No Proselytism: Pope Francis Speaks up Against Religious Conversion in Morocco
Pope Francis (Photo Credits: PTI)

Toronto, April 2: Pope Francis during his visit to the North African country of Morocco, spoke to his followers against proselytising. The Roman Catholic pontiff addressed his followers from Rabat's cathedral on his second day in the Moroccan capital, and said trying to convert people to one's own belief "always leads to an impasse".

This is the first papal visit to Morocco since 1985 and the country has a tiny Catholic population of 23,000. “Christians are a small minority in this country. Yet, to my mind, this is not a problem, even though I realise that at times it can be difficult for some of you,” Pope Francis said.
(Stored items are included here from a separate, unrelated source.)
Lemma ndegU x (A B : {set T}) : ndeg e x (A :|: B) <= ndeg e x A + ndeg e x B.
Proof.
apply: leq_trans (leq_card_setU _ _).1; apply: subset_leq_card.
by apply/subsetP=> y; rewrite !inE andb_orl.
Qed.

Lemma ndeg_split x (A W : {set T}) :
  ndeg e x [set: T] <= #|W| + ndeg e x (A :\: W) + ndeg e x (~: A :\: W).
Proof.
have coverT : [set: T] \subset W :|: ((A :\: W) :|: (~: A :\: W)).
  by apply/subsetP=> y _; rewrite !inE; case: (y \in W); case: (y \in A).
apply: leq_trans (ndegS x coverT) _; apply: leq_trans (ndegU _ _ _) _.
by rewrite -addnA leq_add ?ndeg_le_card ?ndegU.
Qed.

Lemma ndeg_independent x (A : {set T}) :
  independent e A -> x \in A -> ndeg e x A = 0.
Proof.
move=> indA xA; apply/eqP; rewrite cards_eq0; apply/eqP/setP=> y.
by rewrite !inE; apply/andP=> [[yA]]; apply/negP/indA.
Qed.

Lemma part_edgeC (A : {set T}) u v : part_edge e (~: A) u v = part_edge e A u v.
Proof. by rewrite /part_edge !inE; case: (u \in A); case: (v \in A). Qed.

Lemma part_edge_outside (A Y : {set T}) :
  ~ odd_cycle_cover e Y -> exists u v, [/\ u \notin Y, v \notin Y & part_edge e A u v].
Proof.
move=> notY; apply: NNPP => noedge; apply: notY.
exists (fun y => y \in A) => u v uY vY euv; apply/negP=> /eqP sameAB.
by apply: noedge; exists u, v; rewrite /part_edge euv sameAB eqxx.
Qed.

Lemma part_edge_flipped (A0 A : {set T}) u v :
  part_edge e A0 u v -> ~~ part_edge e A u v ->
  ((u \in A0) != (u \in A)) || ((v \in A0) != (v \in A)).
Proof.
rewrite /part_edge => /andP[-> /=].
by case: (u \in A0); case: (u \in A); case: (v \in A0); case: (v \in A).
Qed.

Lemma setCD_eq (A0 A W : {set T}) : A0 :\: W = A :\: W -> ~: A0 :\: W = ~: A :\: W.
Proof.
move/setP=> agree; apply/setP=> y; have := agree y; rewrite !inE.
by case: (y \in W) => //=; move->.
Qed.

Lemma k_connected_ndeg (e_irr : irreflexive e) c x :
  k_connected e c -> c <= ndeg e x [set: T].
Proof.
case=> cT conn; rewrite leqNgt; apply/negP; rewrite /ndeg.
set N := [set y in [set: T] | e x y] => small.
have xN : x \notin N by rewrite !inE e_irr.
have coverT : [set: T] \subset x |: N.
  apply/subsetP=> v _; rewrite in_setU1; apply/norP=> [[vx vN]].
  have /connectP[[|y p] /= xpath xv] := conn N small x v xN vN.
    by move: vx; rewrite xv eqxx.
  by case/andP: xpath => /and3P[xy _]; rewrite !inE xy.
move: (subset_leq_card coverT); rewrite cardsT cardsU1 xN add1n.
by move=> /leq_trans/(_ small); rewrite leqNgt cT.
Qed.

Lemma min_odd_cycle_cover_exists : exists X, min_odd_cycle_cover e X.
Proof.
suff exmin n (Y : {set T}) : #|Y| <= n -> odd_cycle_cover e Y ->
    exists X, min_odd_cycle_cover e X.
  by apply: (exmin _ [set: T] (leqnn _)); exists xpred0 => u; rewrite in_setT.
elim: n Y => [|n IH] Y Yn occY.
  by exists Y; split=> // Z _; move: Yn; rewrite leqn0 => /eqP ->.
have [[Z [occZ ZY]] | nosmaller] := classic (exists Z, odd_cycle_cover e Z /\ #|Z| < #|Y|).
  by apply: (IH Z) => //; lia.
exists Y; split=> // Z occZ; rewrite leqNgt; apply/negP=> ZY.
by apply: nosmaller; exists Z.
Qed.

Definition nice_for (A X : {set T}) : Prop :=
  [/\ independent e (A :\: X), independent e (~: A :\: X),
    (forall x, x \in X -> ndeg e x (A :\: X) < ndeg e x (~: A :\: X) -> x \in A) &
    (forall x, x \in X -> ndeg e x (~: A :\: X) < ndeg e x (A :\: X) -> x \in ~: A)].

Lemma niceP (A : {set T}) :
  nice e A <-> exists X, min_odd_cycle_cover e X /\ nice_for A X.
Proof.
split=> [[X [minX i1 i2 r1 r2]] | [X [minX [i1 i2 r1 r2]]]]; exists X; by split.
Qed.

Lemma nice_forC (A X : {set T}) : nice_for A X -> nice_for (~: A) X.
Proof. by case=> i1 i2 r1 r2; split; rewrite ?setCK. Qed.

Lemma nice_exists : exists A, nice e A.
Proof.
have [X [[c colour] minX]] := min_odd_cycle_cover_exists.
pose A0 := [set x | (x \notin X) && c x].
pose B0 := [set x | (x \notin X) && ~~ c x].
pose A := A0 :|: [set x in X | ndeg e x A0 <= ndeg e x B0].
have EA : A :\: X = A0.
  by apply/setP=> x; rewrite !inE; case: (x \in X); rewrite ?andbF ?orbF.
have EB : ~: A :\: X = B0.
  by apply/setP=> x; rewrite !inE; case: (x \in X); rewrite ?andbF ?orbF.
exists A; apply/niceP; exists X; split; first by split=> //; exists c.
rewrite /nice_for EA EB.
split=> [u v | u v | x xX lt | x xX lt]; rewrite !inE.
- move=> /andP[uX cu] /andP[vX cv]; apply/negP=> /(colour u v uX vX).
  by rewrite cu cv.
- move=> /andP[uX cu] /andP[vX cv]; apply/negP=> /(colour u v uX vX).
  by rewrite (negbTE cu) (negbTE cv).
- by rewrite xX ltnW ?orbT.
- by rewrite xX -ltnNge lt.
Qed.
(* Let $\odot$ be a non-degenerate pseudo-multiplication and let $\phi$ be the supremum of the set of $\odot$-finite elements of $[0,\infty]$. Let $\tau$ be a $\sigma$-maxitive measure on a $\sigma$-algebra $\mathcal{B}$ on a nonempty set $E$ having the Radon–Nikodym property with respect to the idempotent $\odot$-integral. Then $\tau(E)\le\phi$.
   Context: Write $\overline{\mathbb{R}}_+=[0,\infty]$. A pseudo-multiplication is a binary operation $\odot$ on $\overline{\mathbb{R}}_+$ with the following properties: - it is associative; - it is continuous on $(0,\infty)\times[0,\infty]$; - for every $t$, the map $s\mapsto s\odot t$ is continuous on $(0,\infty]$; - it is nondecreasing in each argument; - it has a left identity $1_\odot$, i.e. $1_\odot\odot t=t$ for all $t$; - it has no zero divisors, i.e. $s\odot t=0$ implies $s=0$ or $t=0$; - $0\odot t=t\odot 0=0$ for all $t$. Put $O(t)=\inf_{s>0}s\odot t$. An element $t$ is $\odot$-finite if $O(t)=0$, and $\odot$-infinite otherwise. The operation $\odot$ is non-degenerate if $1_\odot$ is $\odot$-finite. A $\sigma$-maxitive measure on $\mathcal{B}$ is a map $\nu:\mathcal{B}\to\overline{\mathbb{R}}_+$ with $\nu(\emptyset)=0$ and $\nu(\bigcup_j B_j)=\sup_j\nu(B_j)$ for every countable family. A map $f:E\to\overline{\mathbb{R}}_+$ is $\mathcal{B}$-measurable if $\{f>t\}\in\mathcal{B}$ for all $t\in[0,\infty)$. The idempotent $\odot$-integral is $\int^\infty_B f\odot d\tau=\sup_{t\in[0,\infty)}t\odot\tau(B\cap\{f>t\})$. $\nu\ll_\odot\tau$ means $\nu(B)\le\infty\odot\tau(B)$ for every $B\in\mathcal{B}$ with $\tau(B)$ $\odot$-finite. $\tau$ has the Radon–Nikodym property if every $\sigma$-maxitive $\nu\ll_\odot\tau$ admits a $\mathcal{B}$-measurable $c:E\to\overline{\mathbb{R}}_+$ with $\nu(B)=\int^\infty_B c\odot d\tau$ for all $B\in\mathcal{B}$. *)

From Stdlib Require Import Reals.
Open Scope R_scope.

Inductive ERp : Type :=
| PFin (r : R) (H : 0 <= r)
| PInf.

Definition ERp_le (x y : ERp) : Prop :=
  match x, y with
  | PFin a _, PFin b _ => a <= b
  | _, PInf => True
  | PInf, PFin _ _ => False
  end.

Definition ERp_lt (x y : ERp) : Prop := ERp_le x y /\ x <> y.

Definition ERp0 : ERp := PFin 0 (Rle_refl 0).

Definition pos_fin (x : ERp) : Prop :=
  match x with PFin r _ => 0 < r | PInf => False end.

Definition pos (x : ERp) : Prop :=
  match x with PFin r _ => 0 < r | PInf => True end.

Definition is_sup (A : ERp -> Prop) (s : ERp) : Prop :=
  (forall a, A a -> ERp_le a s) /\
  (forall u, (forall a, A a -> ERp_le a u) -> ERp_le s u).

Definition is_inf (A : ERp -> Prop) (s : ERp) : Prop :=
  (forall a, A a -> ERp_le s a) /\
  (forall u, (forall a, A a -> ERp_le u a) -> ERp_le u s).

Definition nbhd (x : ERp) (P : ERp -> Prop) : Prop :=
  match x with
  | PFin r _ => exists e, 0 < e /\
      forall y, (match y with PFin b _ => Rabs (b - r) < e | PInf => False end) -> P y
  | PInf => exists M : R,
      forall y, (match y with PFin b _ => M < b | PInf => True end) -> P y
  end.

Definition cont_at_on (D : ERp -> Prop) (f : ERp -> ERp) (x : ERp) : Prop :=
  forall V, nbhd (f x) V ->
    exists U, nbhd x U /\ forall y, D y -> U y -> V (f y).

Definition cont2_at_on (D : ERp -> ERp -> Prop) (op : ERp -> ERp -> ERp)
    (s t : ERp) : Prop :=
  forall V, nbhd (op s t) V ->
    exists U1 U2, nbhd s U1 /\ nbhd t U2 /\
      forall s' t', D s' t' -> U1 s' -> U2 t' -> V (op s' t').

Definition is_pseudo_mult (op : ERp -> ERp -> ERp) (one : ERp) : Prop :=
  (forall a b c, op (op a b) c = op a (op b c)) /\
  (forall s t, pos_fin s -> cont2_at_on (fun s' _ => pos_fin s') op s t) /\
  (forall t s, pos s -> cont_at_on pos (fun s' => op s' t) s) /\
  (forall s s' t, ERp_le s s' -> ERp_le (op s t) (op s' t)) /\
  (forall s t t', ERp_le t t' -> ERp_le (op s t) (op s t')) /\
  (forall t, op one t = t) /\
  (forall s t, op s t = ERp0 -> s = ERp0 \/ t = ERp0) /\
  (forall t, op ERp0 t = ERp0 /\ op t ERp0 = ERp0).

Definition op_finite (op : ERp -> ERp -> ERp) (t : ERp) : Prop :=
  is_inf (fun u => exists s, pos s /\ u = op s t) ERp0.

Definition non_degenerate (op : ERp -> ERp -> ERp) (one : ERp) : Prop :=
  op_finite op one.

Definition sigma_algebra {E : Type} (B : (E -> Prop) -> Prop) : Prop :=
  B (fun _ => True) /\
  (forall A, B A -> B (fun x => ~ A x)) /\
  (forall An : nat -> E -> Prop, (forall n, B (An n)) ->
     B (fun x => exists n, An n x)).

Definition sigma_maxitive {E : Type} (B : (E -> Prop) -> Prop)
    (nu : (E -> Prop) -> ERp) : Prop :=
  nu (fun _ => False) = ERp0 /\
  forall Bn : nat -> E -> Prop, (forall n, B (Bn n)) ->
    is_sup (fun u => exists n, u = nu (Bn n)) (nu (fun x => exists n, Bn n x)).

Definition measurable {E : Type} (B : (E -> Prop) -> Prop) (f : E -> ERp) : Prop :=
  forall (t : R) (Ht : 0 <= t), B (fun x => ERp_lt (PFin t Ht) (f x)).

Definition is_idem_integral {E : Type} (op : ERp -> ERp -> ERp)
    (tau : (E -> Prop) -> ERp) (A : E -> Prop) (f : E -> ERp) (v : ERp) : Prop :=
  is_sup (fun u => exists (t : R) (Ht : 0 <= t),
            u = op (PFin t Ht) (tau (fun x => A x /\ ERp_lt (PFin t Ht) (f x)))) v.

Definition op_abs_cont {E : Type} (op : ERp -> ERp -> ERp) (B : (E -> Prop) -> Prop)
    (nu tau : (E -> Prop) -> ERp) : Prop :=
  forall A, B A -> op_finite op (tau A) -> ERp_le (nu A) (op PInf (tau A)).

Definition radon_nikodym_property {E : Type} (op : ERp -> ERp -> ERp)
    (B : (E -> Prop) -> Prop) (tau : (E -> Prop) -> ERp) : Prop :=
  forall nu, sigma_maxitive B nu -> op_abs_cont op B nu tau ->
    exists c : E -> ERp, measurable B c /\
      forall A, B A -> is_idem_integral op tau A c (nu A).

From Pilot Require Import Defs.
From Stdlib Require Import Reals.
From Stdlib Require Import Classical ClassicalDescription ProofIrrelevance
  FunctionalExtensionality PropExtensionality Lia Lra.

(** Let φ be the supremum of the ⊙-finite elements and suppose τ(E) > φ.
    The test measure ν(A) = 0 if τ(A) ≤ φ and ν(A) = 1_⊙ otherwise is
    σ-maxitive and ⊙-absolutely continuous w.r.t. τ (a ⊙-finite τ(A) is ≤ φ),
    so it has a density c.  Cover E by the countably many level sets
    {c = 0} and {c > 1/(n+1)}; by σ-maxitivity one of them, L, has τ(L) > φ,
    hence ν(L) = 1_⊙.
    - If L = {c = 0}, the idempotent integral of c over L is 0, so 1_⊙ = 0,
      and then τ(E) = 1_⊙ ⊙ τ(E) = 0 ≤ φ anyway.
    - If L = {c > t} with t > 0, then t ⊙ τ(L) ≤ ν(L) = 1_⊙; since 1_⊙ is
      ⊙-finite this forces τ(L) to be ⊙-finite, hence τ(L) ≤ φ. *)

Lemma le0 x : ERp_le ERp0 x.
Proof. destruct x; simpl; auto. Qed.

Lemma le_refl x : ERp_le x x.
Proof. destruct x; simpl; auto; apply Rle_refl. Qed.

Lemma le_trans x y z : ERp_le x y -> ERp_le y z -> ERp_le x z.
Proof. destruct x, y, z; simpl; auto; try tauto. apply Rle_trans. Qed.

Lemma PFin_0 r (H : 0 <= r) : r = 0 -> PFin r H = ERp0.
Proof. intros ->. unfold ERp0. f_equal. apply proof_irrelevance. Qed.

Lemma le_0_eq x : ERp_le x ERp0 -> x = ERp0.
Proof. destruct x; simpl; try tauto. intros; apply PFin_0; lra. Qed.

Lemma pos_iff_neq0 x : Defs.pos x <-> x <> ERp0.
Proof.
  destruct x as [r Hr|]; simpl; split; intros H.
  - intro Heq; injection Heq; lra.
  - destruct Hr as [Hr|Hr]; auto. subst. exfalso; apply H, PFin_0; auto.
  - discriminate.
  - auto.
Qed.

Lemma gt_PFin_pos t Ht y : ERp_lt (PFin t Ht) y -> Defs.pos y.
Proof.
  destruct y; simpl; auto. intros [[Hlt|Heq] Hneq]; [lra|subst].
  exfalso; apply Hneq; f_equal; apply proof_irrelevance.
Qed.

Lemma sup_not_le (S : ERp -> Prop) s u :
  is_sup S s -> ~ ERp_le s u -> exists a, S a /\ ~ ERp_le a u.
Proof.
  intros [_ Hleast] Hsu. apply NNPP; intro Hnone.
  apply Hsu, Hleast. intros a Ha.
  apply NNPP; intro Hau; apply Hnone; eauto.
Qed.

Lemma set_ext {E} (P Q : E -> Prop) : (forall x, P x <-> Q x) -> P = Q.
Proof.
  intros H; apply functional_extensionality; intro.
  apply propositional_extensionality; auto.
Qed.

Section FiniteTransfer.

Variable op : ERp -> ERp -> ERp.
Hypothesis op_assoc : forall a b c, op (op a b) c = op a (op b c).
Hypothesis op_mono_r : forall s t t', ERp_le t t' -> ERp_le (op s t) (op s t').
Hypothesis op_no_zero_div : forall s t, op s t = ERp0 -> s = ERp0 \/ t = ERp0.

(** ⊙-finiteness passes down: if [t ⊙ b ≤ a] with [t ≠ 0] and [a] ⊙-finite,
    then [b] is ⊙-finite, since [s ⊙ a ≥ (s ⊙ t) ⊙ b] and [s ⊙ t > 0]. *)
Lemma op_finite_of_bounded_multiple a b t :
  op_finite op a -> t <> ERp0 -> ERp_le (op t b) a -> op_finite op b.
Proof.
  intros Ha Ht Hle. split; [intros; apply le0|]. intros u Hu.
  apply (proj2 Ha). intros w [s [Hs ->]].
  apply le_trans with (op s (op t b)); [|apply op_mono_r, Hle].
  rewrite <- op_assoc. apply Hu. exists (op s t); split; auto.
  apply pos_iff_neq0. intros Hst.
  destruct (op_no_zero_div _ _ Hst); [apply pos_iff_neq0 in Hs|]; auto.
Qed.

End FiniteTransfer.

Section TestMeasure.

Context {E : Type} (tau : (E -> Prop) -> ERp).
Variables (phi v : ERp).

Definition excess_measure (A : E -> Prop) : ERp :=
  if excluded_middle_informative (ERp_le (tau A) phi) then ERp0 else v.

Lemma excess_measure_small A : ERp_le (tau A) phi -> excess_measure A = ERp0.
Proof. intros; unfold excess_measure; destruct excluded_middle_informative; tauto. Qed.

Lemma excess_measure_large A : ~ ERp_le (tau A) phi -> excess_measure A = v.
Proof. intros; unfold excess_measure; destruct excluded_middle_informative; tauto. Qed.

Lemma excess_measure_le A : ERp_le (excess_measure A) v.
Proof. unfold excess_measure; destruct excluded_middle_informative; auto using le0, le_refl. Qed.

(** A countable union is large iff one of its members is, hence σ-maxitivity
    of [τ] is inherited. *)
Lemma excess_measure_sigma_maxitive (B : (E -> Prop) -> Prop) :
  sigma_maxitive B tau -> sigma_maxitive B excess_measure.
Proof.
  intros [Htau0 Htau_sup]. split.
  { apply excess_measure_small. rewrite Htau0. apply le0. }
  intros Bn HBn. destruct (Htau_sup Bn HBn) as [Hub Hleast].
  destruct (classic (ERp_le (tau (fun x => exists n, Bn n x)) phi)) as [Hsmall|Hlarge].
  - rewrite excess_measure_small by auto. split; [|intros; apply le0].
    intros a [n ->]. rewrite excess_measure_small; [apply le_refl|].
    eapply le_trans; [apply Hub; eauto|auto].
  - rewrite excess_measure_large by auto. split.
    + intros a [n ->]. apply excess_measure_le.
    + intros u Hu.
      destruct (sup_not_le _ _ _ (conj Hub Hleast) Hlarge) as [a [[n ->] Hn]].
      rewrite <- (excess_measure_large _ Hn). apply Hu; eauto.
Qed.

Lemma excess_measure_abs_cont (B : (E -> Prop) -> Prop) op :
  (forall b, op_finite op b -> ERp_le b phi) ->
  op_abs_cont op B excess_measure tau.
Proof.
  intros Hphi A _ Hfin. rewrite excess_measure_small by auto. apply le0.
Qed.

End TestMeasure.

Section LevelSets.

Context {E : Type} (c : E -> ERp).

Lemma inv_succ_pos n : 0 < / INR (S n).
Proof. apply Rinv_0_lt_compat, lt_0_INR; lia. Qed.

Definition inv_succ (n : nat) : ERp := PFin (/ INR (S n)) (Rlt_le _ _ (inv_succ_pos n)).

(** Level set [0] is [{c = 0}], level set [n+1] is [{c > 1/(n+1)}]. *)
Definition level_set (n : nat) : E -> Prop :=
  match n with
  | O => fun x => ~ ERp_lt ERp0 (c x)
  | S m => fun x => ERp_lt (inv_succ m) (c x)
  end.

Lemma level_set_measurable B :
  sigma_algebra B -> measurable B c -> forall n, B (level_set n).
Proof.
  intros (_ & Hcompl & _) Hc [|n]; simpl.
  - exact (Hcompl _ (Hc 0 (Rle_refl 0))).
  - apply Hc.
Qed.

(** By the Archimedean property the level sets cover [E]. *)
Lemma level_sets_cover x : exists n, level_set n x.
Proof.
  destruct (classic (ERp_lt ERp0 (c x))) as [Hx|Hx]; [|exists O; exact Hx].
  apply gt_PFin_pos in Hx.
  destruct (c x) as [r Hr|] eqn:Hcx.
  - destruct (archimed_cor1 r Hx) as [[|N] [HN1 HN2]]; [lia|].
    exists (S N). cbv beta iota delta [level_set]; rewrite Hcx. split; [left; exact HN1|].
    intro Heq. assert (Hval : / INR (S N) = r) by (injection Heq as Hval; exact Hval). lra.
  - exists 1%nat. cbv beta iota delta [level_set]; rewrite Hcx. split; [exact I|discriminate].
Qed.

End LevelSets.

Section IdemIntegral.

Context {E : Type} (op : ERp -> ERp -> ERp) (tau : (E -> Prop) -> ERp).

(** The idempotent integral of a density vanishing on [A] is [0]:
    each set [A ∩ {c > t}] is empty. *)
Lemma idem_integral_null A c w :
  (forall s, op s ERp0 = ERp0) -> tau (fun _ => False) = ERp0 ->
  (forall x, A x -> ~ ERp_lt ERp0 (c x)) ->
  is_idem_integral op tau A c w -> w = ERp0.
Proof.
  intros Hop0 Htau0 Hnull [_ Hleast]. apply le_0_eq, Hleast.
  intros a [t [Ht ->]].
  replace (fun x => A x /\ ERp_lt (PFin t Ht) (c x)) with (fun _ : E => False).
  - rewrite Htau0, Hop0. apply le_refl.
  - apply set_ext; intro x; split; [tauto|]. intros [HAx Hcx].
    apply (Hnull x HAx). split; [apply le0|].
    intros H0. apply (proj1 (pos_iff_neq0 _) (gt_PFin_pos _ _ _ Hcx)). now symmetry.
Qed.

Lemma idem_integral_lower A c t Ht w :
  (forall x, A x -> ERp_lt (PFin t Ht) (c x)) ->
  is_idem_integral op tau A c w -> ERp_le (op (PFin t Ht) (tau A)) w.
Proof.
  intros HA [Hub _].
  replace (tau A) with (tau (fun x => A x /\ ERp_lt (PFin t Ht) (c x))).
  - apply Hub. eauto.
  - f_equal. apply set_ext; intro x; split; [tauto|auto].
Qed.

End IdemIntegral.

Theorem mainTheorem8 (op : ERp -> ERp -> ERp) (one : ERp)
  (Hop : is_pseudo_mult op one) (Hnd : non_degenerate op one)
  (phi : ERp) (Hphi : is_sup (op_finite op) phi)
  (E : Type) (HE : inhabited E) (B : (E -> Prop) -> Prop)
  (HB : sigma_algebra B) (tau : (E -> Prop) -> ERp)
  (Htau : sigma_maxitive B tau)
  (HRN : radon_nikodym_property op B tau) :
  ERp_le (tau (fun _ => True)) phi.
Proof.
  destruct Hop as (Hassoc & _ & _ & _ & Hmono & Hone & Hzd & Hzero).
  destruct (classic (one = ERp0)) as [Hone0|Hone0].
  { rewrite <- (Hone (tau _)), Hone0, (proj1 (Hzero _)). apply le0. }
  apply NNPP; intros Hlarge.
  destruct (HRN (excess_measure tau phi one)) as [c [Hc Hdensity]].
  { apply excess_measure_sigma_maxitive, Htau. }
  { apply excess_measure_abs_cont, (proj1 Hphi). }
  (* some level set L of the density c has τ(L) > φ, hence ν(L) = 1_⊙ *)
  assert (Hcover : (fun _ : E => True) = (fun x => exists n, level_set c n x)).
  { apply set_ext; intro x; split; [intros _; apply level_sets_cover|auto]. }
  pose proof (level_set_measurable c B HB Hc) as HL.
  pose proof (proj2 Htau _ HL) as Hsup. rewrite <- Hcover in Hsup.
  destruct (sup_not_le _ _ _ Hsup Hlarge) as [a [[n ->] Hn]].
  pose proof (Hdensity _ (HL n)) as Hintegral.
  rewrite (excess_measure_large tau phi one _ Hn) in Hintegral.
  destruct n as [|n].
  - (* on {c = 0} the integral vanishes, contradicting 1_⊙ <> 0 *)
    apply Hone0, (idem_integral_null op tau (level_set c 0) c one
      (fun s => proj2 (Hzero s)) (proj1 Htau) (fun x Hx => Hx) Hintegral).
  - (* on {c > 1/(n+1)}, (1/(n+1)) ⊙ τ(L) <= 1_⊙ makes τ(L) ⊙-finite *)
    apply Hn, (proj1 Hphi).
    apply (op_finite_of_bounded_multiple op Hassoc Hmono Hzd one _ (inv_succ n) Hnd).
    + apply pos_iff_neq0, inv_succ_pos.
    + exact (idem_integral_lower op tau _ c _ _ _ (fun x Hx => Hx) Hintegral).
Qed.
Conservative Catholics have criticised Pope Francis’ position against aggressive recruiting of potential converts. He reiterated his stand in Rabat saying, “The Church grows not through proselytism but by attraction,” Pope Francis said to applause.

“This means, dear friends, that our mission as baptised persons, priests and consecrated men and women, is not really determined by the number or size of spaces that we occupy, but rather by our capacity to generate change and to awaken wonder and compassion,” he said.

Morocco has a majority Muslim population but it is also home to Christians and Jews. Morocco’s King Mohammed VI espouses a form of Islam that promotes inter-religious dialogue and rejects violence in god’s name. But the country does not recognise Muslim Moroccan converts to Christianity, and proselytising is punishable by up to three years in prison.

Pope Francis praised the monarch for providing “sound training to combat all forms of extremism, which so often lead to violence and terrorism, and which, in any event, constitute an offence against religion and against God himself”. Read: Pope Francis Allows Worshippers Kiss His Papal Ring After Viral Video Controversy

The Pope’s visit was also marked by Jewish leaders joining Christian representatives in the front row at two events presided over by the Pope and Morocco’s King on interfaith dialogue.